Amelia’s Magazine | Charlie May: S/S 2014 Preview Interview

Charlie May S/S 2014 by Rebecca May Higgins
Charlie May S/S 2014 by Rebecca May Higgins.

Last season I was most impressed with the new collection from up and coming designer Charlie May: sadly this time around I missed her show at St Martins Lane Hotel. Here the talented young designer talks about her love of minimalism, working with British mills to create bespoke materials, and teaming up with Hudson shoes.

Charlie May S/S 2014 by Claire Kearns
Charlie May S/S 2014 by Claire Kearns.

Where does your love for sleek minimalist designs come from – can you trace it back to any early influences or inspirations?
That’s a tough one – I think coming from a farm where it’s always busy and messy and you have to dress for the mud, you natural want to create the opposite.
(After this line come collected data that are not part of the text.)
(* Let $X$ be a Banach space and let $A$ be a separable closed convex bounded subset of $X$ having small combinations of slices. Then $A$ is an SCD set.
   Context: A slice of a convex bounded set $A$ is $S(A,x^*,\varepsilon)=\{x\in A:\ \mathrm{Re}\,x^*(x)>\sup\mathrm{Re}\,x^*(A)-\varepsilon\}$ ($x^*\in X^*$, $\varepsilon>0$). A convex combination of slices of $A$ is a set $\sum_{i=1}^m\lambda_iS_i$ with $\lambda_i>0$, $\sum\lambda_i=1$, $S_i$ slices of $A$. $A$ has small combinations of slices if every slice of $A$ contains convex combinations of slices of $A$ of arbitrarily small diameter. $A$ is an SCD set if there is a sequence $(S_n)$ of slices of $A$ such that $A\subseteq\overline{\mathrm{conv}}(B)$ for every $B\subseteq A$ intersecting every $S_n$. *)

From HB Require Import structures.
From mathcomp Require Import all_boot all_order all_algebra.
From mathcomp Require Import all_classical all_reals all_analysis.
Set Implicit Arguments. Unset Strict Implicit. Unset Printing Implicit Defensive.
Import Order.TTheory GRing.Theory Num.Theory.
Import numFieldNormedType.Exports.
Local Open Scope classical_set_scope.
Local Open Scope ring_scope.

Section Defs.
Context {R : realType} {X : normedModType R}.

Definition is_dual (f : X -> R) : Prop :=
  (forall (a : R) (x y : X), f (a *: x + y) = a * f x + f y) /\ continuous f.

Definition separable_set (A : set X) : Prop :=
  exists D : set X, [/\ D `<=` A, countable D & A `<=` closure D].

Definition slice (A : set X) (f : X -> R) (e : R) : set X :=
  [set x | A x /\ sup (f @` A) - e < f x].

Definition diam (S : set X) : R :=
  sup [set `|x - y| | x in S & y in S].

Definition comb_slices (A : set X) (m : nat) (lam : 'I_m -> R)
    (fs : 'I_m -> X -> R) (es : 'I_m -> R) : set X :=
  [set z | exists xs : 'I_m -> X,
     (forall i, slice A (fs i) (es i) (xs i)) /\ z = \sum_(i < m) lam i *: xs i].

Definition is_conv_comb_slices (A : set X) (C : set X) : Prop :=
  exists (m : nat) (lam : 'I_m -> R) (fs : 'I_m -> X -> R) (es : 'I_m -> R),
    [/\ (forall i, 0 < lam i), \sum_(i < m) lam i = 1,
        (forall i, is_dual (fs i) /\ 0 < es i) & C = comb_slices A lam fs es].

Definition small_combinations_of_slices (A : set X) : Prop :=
  forall (f : X -> R) (e : R), is_dual f -> 0 < e ->
  forall eps : R, 0 < eps ->
    exists C : set X, [/\ is_conv_comb_slices A C, C `<=` slice A f e & diam C < eps].

Definition conv_hull (B : set X) : set X :=
  [set z | exists (m : nat) (lam : 'I_m -> R) (xs : 'I_m -> X),
     [/\ (forall i, 0 <= lam i), \sum_(i < m) lam i = 1, (forall i, B (xs i))
       & z = \sum_(i < m) lam i *: xs i]].

Definition SCD_set (A : set X) : Prop :=
  exists (fs : nat -> X -> R) (es : nat -> R),
    (forall n, is_dual (fs n) /\ 0 < es n) /\
    forall B : set X, B `<=` A ->
      (forall n, B `&` slice A (fs n) (es n) !=set0) ->
      A `<=` closure (conv_hull B).
(* Let $\bm\mu=(\mu_1,\dots,\mu_r)$ be finite positive Borel measures on the unit circle, each with infinite support, fix a square-root branch as in the context, and let $\bm n\in\mathbb N^r$. The following are equivalent: (i) there is a unique $\phi\in\operatorname{span}\{z^p\}_{p=-|\bm n|/2}^{|\bm n|/2}$ with coefficient of $z^{|\bm n|/2}$ equal to $1$ satisfying $\int\phi(z)z^{-p}\,d\mu_j(z)=0$ for $p=-n_j/2,\dots,n_j/2-1$, $j=1,\dots,r$; (ii) there is no nonzero $\phi\in\operatorname{span}\{z^p\}_{p=-|\bm n|/2}^{|\bm n|/2-1}$ satisfying these orthogonality relations; (iii) there is a unique $\psi\in\operatorname{span}\{z^p\}_{p=-|\bm n|/2}^{|\bm n|/2}$ with coefficient of $z^{-|\bm n|/2}$ equal to $1$ satisfying $\int\psi(z)z^{-p}\,d\mu_j(z)=0$ for $p=-n_j/2+1,\dots,n_j/2$, $j=1,\dots,r$; (iv) there is no nonzero $\psi\in\operatorname{span}\{z^p\}_{p=-|\bm n|/2+1}^{|\bm n|/2}$ satisfying the orthogonality relations in (iii); (v) $\det T_{\bm n}\neq0$, where $T_{\bm n}$ is the $|\bm n|\times|\bm n|$ matrix whose rows are indexed by pairs $(j,q)$, $j=1,\dots,r$, $q=n_j/2,n_j/2-1,\dots,-n_j/2+1$ (ordered by $j$, then by decreasing $q$), whose columns are indexed by $k=-|\bm n|/2,\dots,|\bm n|/2-1$, and whose $((j,q),k)$ entry is $\int z^{k}z^{q}\,d\mu_j(z)$ (with the convention $\det T_{\bm 0}=1$).
   Context: $\partial\mathbb D=\{|z|=1\}$. Fix $t_0\in\mathbb R$ and define $z^{k/2}=|z|^{k/2}\exp(ik\arg_{[t_0,t_0+2\pi)}(z)/2)$, $k\in\mathbb Z$, with $\arg$ taking values in $[t_0,t_0+2\pi)$. For $\bm n=(n_1,\dots,n_r)$ of non-negative integers, $|\bm n|=n_1+\dots+n_r$. For integers or half-integers $a\le b$ with $b-a\in\mathbb Z$, $\operatorname{span}\{z^p\}_{p=a}^b$ is the span of $z^a,z^{a+1},\dots,z^b$ (the zero space if $a>b$). Condition (i) is the definition of $\bm n$ being ''$\phi$-normal''. *)

From HB Require Import structures.
From mathcomp Require Import all_boot all_order all_algebra.
From mathcomp Require Import all_classical all_reals all_analysis.
From mathcomp Require Import complex.
Set Implicit Arguments. Unset Strict Implicit. Unset Printing Implicit Defensive.
Import Order.TTheory GRing.Theory Num.Theory.
Local Open Scope classical_set_scope.
Local Open Scope ring_scope.
Local Open Scope complex_scope.

Section Defs.
Variable R : realType.

(* A point z of the unit circle is represented by its angle t in
   [t0, t0 + 2 pi), i.e. z = e^{it} and arg_{[t0,t0+2pi)} z = t.
   zhalf k t  is  z^{k/2} = |z|^{k/2} exp(i k arg(z) / 2) with |z| = 1. *)
Definition zhalf (k : int) (t : R) : R[i] :=
  (cos (k%:~R * t / 2)) +i* (sin (k%:~R * t / 2)).

Definition cint (mu : {measure set R -> \bar R}) (f : R -> R[i]) : R[i] :=
  (Rintegral mu setT (fun t => complex.Re (f t))) +i* (Rintegral mu setT (fun t => complex.Im (f t))).

(* mu (on angles) encodes a finite positive Borel measure on the unit
   circle (pushed forward by t |-> e^{it}) with infinite support *)
Definition circle_measure_inf_supp (t0 : R) (mu : {measure set R -> \bar R}) : Prop :=
  [/\ mu (~` `[t0, t0 + 2 * pi[) = 0%E,
      (mu setT < +oo)%E &
      forall S : set R, finite_set S -> (0 < mu (~` S))%E].

(* phi(z) = sum_{i < m} c_i z^{(2 i + e0)/2}  (exponents doubled) *)
Definition hpoly (m : nat) (e0 : int) (c : 'rV[R[i]]_m) (t : R) : R[i] :=
  \sum_(i < m) c 0 i * zhalf (e0 + 2 * (i : nat)%:Z) t.

(* The matrix T_n: block j has rows q = n_j/2, ..., -n_j/2+1 (row m has
   q = (n_j - 2m)/2), columns k = -|n|/2, ..., |n|/2 - 1 (column c has
   k = (2c - |n|)/2). *)
Definition Tmat (r : nat) (n : 'I_r -> nat) (mu : 'I_r -> {measure set R -> \bar R}) :
  'M[R[i]]_(\sum_(j < r) n j) :=
  \mxcol_(j < r) \matrix_(m < n j, c < \sum_(l < r) n l)
     cint (mu j) (fun t => zhalf (2 * (c : nat)%:Z - (\sum_(l < r) n l)%N%:Z) t
                           * zhalf ((n j)%:Z - 2 * (m : nat)%:Z) t).

End Defs.

From HB Require Import structures.
From mathcomp Require Import all_boot all_order all_algebra.
From mathcomp Require Import all_classical all_reals all_analysis.
From mathcomp Require Import complex measurable_realfun zify.
Set Implicit Arguments. Unset Strict Implicit. Unset Printing Implicit Defensive.
Import GRing.Theory Num.Theory.
Import numFieldNormedType.Exports.
Local Open Scope classical_set_scope.
Local Open Scope ring_scope.
Local Open Scope complex_scope.

(* Since z^{a/2} z^{b/2} = z^{(a+b)/2}, expanding phi in the basis z^{p} turns
   every orthogonality relation into a linear equation on its coefficients,
   with the moments of the mu_j as coefficients.  In (ii) and (iv) the |n|
   unknowns satisfy |n| equations whose matrix is the transpose of T_n, so
   only the zero solution exists iff det T_n <> 0.  In (i) and (iii) there are
   |n| + 1 unknowns; once the extreme coefficient is fixed to 1, the remaining
   ones solve an inhomogeneous system with the same matrix, which has a unique
   solution iff det T_n <> 0. *)

Section LeftKernels.
Variable F : fieldType.

Lemma rV_mul_eq0_det n (A : 'M[F]_n) :
  (forall v : 'rV_n, v *m A = 0 -> v = 0) <-> \det A != 0.
Proof.
split=> [kerA | detA v vA].
  by apply/det0P => -[v /eqP vN0 /kerA].
by apply: contraNeq detA => vN0; apply/det0P; exists v.
Qed.

Lemma affine_solution_uniq_det n (A : 'M[F]_n) (b : 'rV_n) :
  (exists! x : 'rV_n, x *m A = b) <-> \det A != 0.
Proof.
split=> [[x [xA x_uniq]] | detA].
  apply/rV_mul_eq0_det => v vA.
  have: x + 0 = x + v.
    by rewrite addr0; apply: x_uniq; rewrite mulmxDl xA vA addr0.
  by move/addrI ->.
have uA : A \in unitmx by rewrite unitmxE unitfE.
exists (b *m invmx A); split=> [|y <-]; first by rewrite mulmxKV.
by rewrite mulmxK.
Qed.
Lemma P_offdiag p q : (1 <= p <= 2 * n)%N -> (1 <= q <= 2 * n)%N -> p != q ->
  P (E p q).
Proof.
move=> hp hq hpq.
case: (leqP p n) => hpn; case: (leqP q n) => hqn.
- by apply: P_upper_block => //; lia.
- case: (q =P n + 1) => [->|/eqP hq1]; first by apply: P_colS; lia.
  rewrite -(@brmx_Eu_chain _ _ p (n + 1) q); [|lia|lia|lia|apply/eqP; lia].
  apply: Pbr; first by apply: P_colS; lia.
  by apply: P_lower_block; rewrite 1?eq_sym; lia.
- case: (p =P n + 1) => [->|/eqP hp1]; first by apply: P_rowS; lia.
  rewrite -(@brmx_Eu_chain _ _ p (n + 1) q); [|lia|lia|lia|apply/eqP; lia].
  by apply: Pbr; [apply: P_lower_block; lia | apply: P_rowS; lia].
- by apply: P_lower_block => //; lia.
Qed.

End OffDiagonal.

Hypothesis P_Eu : forall p q, (1 <= p <= 2 * n)%N -> (1 <= q <= 2 * n)%N ->
  p != q -> P (E p q).

Lemma P_diag_diff p q : (1 <= p <= 2 * n)%N -> (1 <= q <= 2 * n)%N -> p != q ->
  P (E p p - E q q).
Proof.
move=> hp hq hpq; have -> : E p p - E q q = brmx (E p q) (E q p).
  by rewrite brmx_Eu // !eqxx !scale1r.
by apply: Pbr; apply: P_Eu => //; rewrite eq_sym.
Qed.

Lemma P_traceless (A : 'M[R[i]]_(2 * n)) : (0 < n)%N -> \tr A = 0 -> P A.
Proof.
move=> n_gt0 trA; have dim_gt0 : (0 < 2 * n)%N by lia.
pose i0 : 'I_(2 * n) := Ordinal dim_gt0.
pose D (i j : 'I_(2 * n)) : 'M[R[i]]_(2 * n) :=
  delta_mx i j - (i == j)%:R *: delta_mx i0 i0.
have -> : A = \sum_i \sum_j A i j *: D i j.
  have diag0 : \sum_i \sum_j A i j *: ((i == j)%:R *: delta_mx i0 i0) = 0.
    rewrite (eq_bigr (fun i => A i i *: delta_mx i0 i0)); last first.
      move=> i _; rewrite (bigD1 i) //= eqxx scale1r big1 ?addr0 // => j.
      by rewrite eq_sym => /negbTE ->; rewrite scale0r scaler0.
    by rewrite -scaler_suml -[X in X *: _]/(\tr A) trA scale0r.
  under eq_bigr do under eq_bigr do rewrite scalerBr.
  under eq_bigr do rewrite sumrB.
  by rewrite sumrB diag0 subr0 -matrix_sum_delta.
apply: (big_ind P) => // i _; apply: (big_ind P) => // j _; apply: PZ.
have ord_neq (u v : 'I_(2 * n)) : u != v -> u.+1 != v.+1 by rewrite eqSS.
rewrite /D; case: (i =P j) => [<-|/eqP hij].
  rewrite scale1r; case: (i =P i0) => [->|/eqP hi0]; first by rewrite subrr.
  rewrite !delta_mxE; apply: P_diag_diff; last exact: ord_neq.
    by have := ltn_ord i; lia.
  by have := ltn_ord i0; lia.
rewrite scale0r subr0 delta_mxE; apply: P_Eu; last exact: ord_neq.
  by have := ltn_ord i; lia.
by have := ltn_ord j; lia.
Qed.

End SlGeneration.

Section PsiSurjective.
Variables (R : realType) (n K : nat) (a : 'I_K -> R[i]).
Hypothesis n_ge2 : (2 <= n)%N.
Hypothesis a_neq0 : forall k, a k != 0.
Hypothesis a_sep : forall k j, k != j -> a k != a j /\ a k != (a j)^-1.
Hypothesis a_neq_pm1 : forall k, a k != 1 /\ a k != -1.
Local Notation C := (R[i]).
Local Notation M := 'M[C]_(2 * n).
Local Notation FM := {ffun 'I_K -> M}.
Local Notation E := (@Eu R n).
Local Notation L := (@psi_image R n K a).
Local Notation G := (@psi_gens R n K a).
Local Notation gen_at := (gen_at G).

Lemma L_psi_e i : (1 <= i <= n)%N -> L [ffun k => psi_e n (a k) i].
Proof. by move=> hi; apply: lie_gen_base; exists i => //; apply: Or31. Qed.

Lemma L_psi_f i : (1 <= i <= n)%N -> L [ffun k => psi_f n (a k) i].
Proof. by move=> hi; apply: lie_gen_base; exists i => //; apply: Or32. Qed.

Lemma gen_at_psi_e_l k A i : (1 <= i <= n)%N -> gen_at k A ->
  gen_at k (brmx (psi_e n (a k) i) A).
Proof. by move=> hi hA; have := gen_at_brl hA (L_psi_e hi); rewrite ffunE. Qed.

Lemma gen_at_psi_f_l k A i : (1 <= i <= n)%N -> gen_at k A ->
  gen_at k (brmx (psi_f n (a k) i) A).
Proof. by move=> hi hA; have := gen_at_brl hA (L_psi_f hi); rewrite ffunE. Qed.

Lemma gen_at_psi_e_r k A i : (1 <= i <= n)%N -> gen_at k A ->
  gen_at k (brmx A (psi_e n (a k) i)).
Proof. by move=> hi hA; have := gen_at_brr hA (L_psi_e hi); rewrite ffunE. Qed.

Lemma gen_at_psi_f_r k A i : (1 <= i <= n)%N -> gen_at k A ->
  gen_at k (brmx A (psi_f n (a k) i)).
Proof. by move=> hi hA; have := gen_at_brr hA (L_psi_f hi); rewrite ffunE. Qed.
I’m always inspired by the feeling I get from being in the countryside, there’s a calmness that I like to translate into my collections.
Charlie May S:S 2014
Charlie May S:S 2014
The Charlie May girl wears a lot of white and pale colours – any tips for keeping the look fresh and clean?
Every season I plan to use black and I always manage to phase it out! I think it’s got something to do with a clearer cleaner vision and the same goes with personal style. I always feel like I’m dressed better when I’m wearing lighter colours. At the moment I love the look of black shoes with a white look, I think that looks fresh and not overdone.
Charlie May S/S 2014 by Slowly The Eggs
Charlie May S/S 2014 by Slowly The Eggs.

I understand you worked closely with mills to create a range of exclusive fabrics this season, what was that process like?
It was really fun and quite eye opening. I’m used to working with exclusively natural materials, so weaving polyester and silk together created something quite unique to me. I think it was a natural step for me to push for more creative fabrics and something that’s not readily available, I’m looking forward to doing it again for AW14.

Charlie May S:S 2014
Charlie May S:S 2014
You used some stunning pearlescent and metallic print fabrics for S/S 2014 – where did you source these from? 
Thank you, it started with working with the mills on the pink metallic woven fabric, and when I saw the butter soft blush foil leather I knew it would be the perfect accompaniment. The collection was meant to be a bit tongue in cheek with references to my youth and the spice girls – so it goes without saying that pink leather was meant to be there! 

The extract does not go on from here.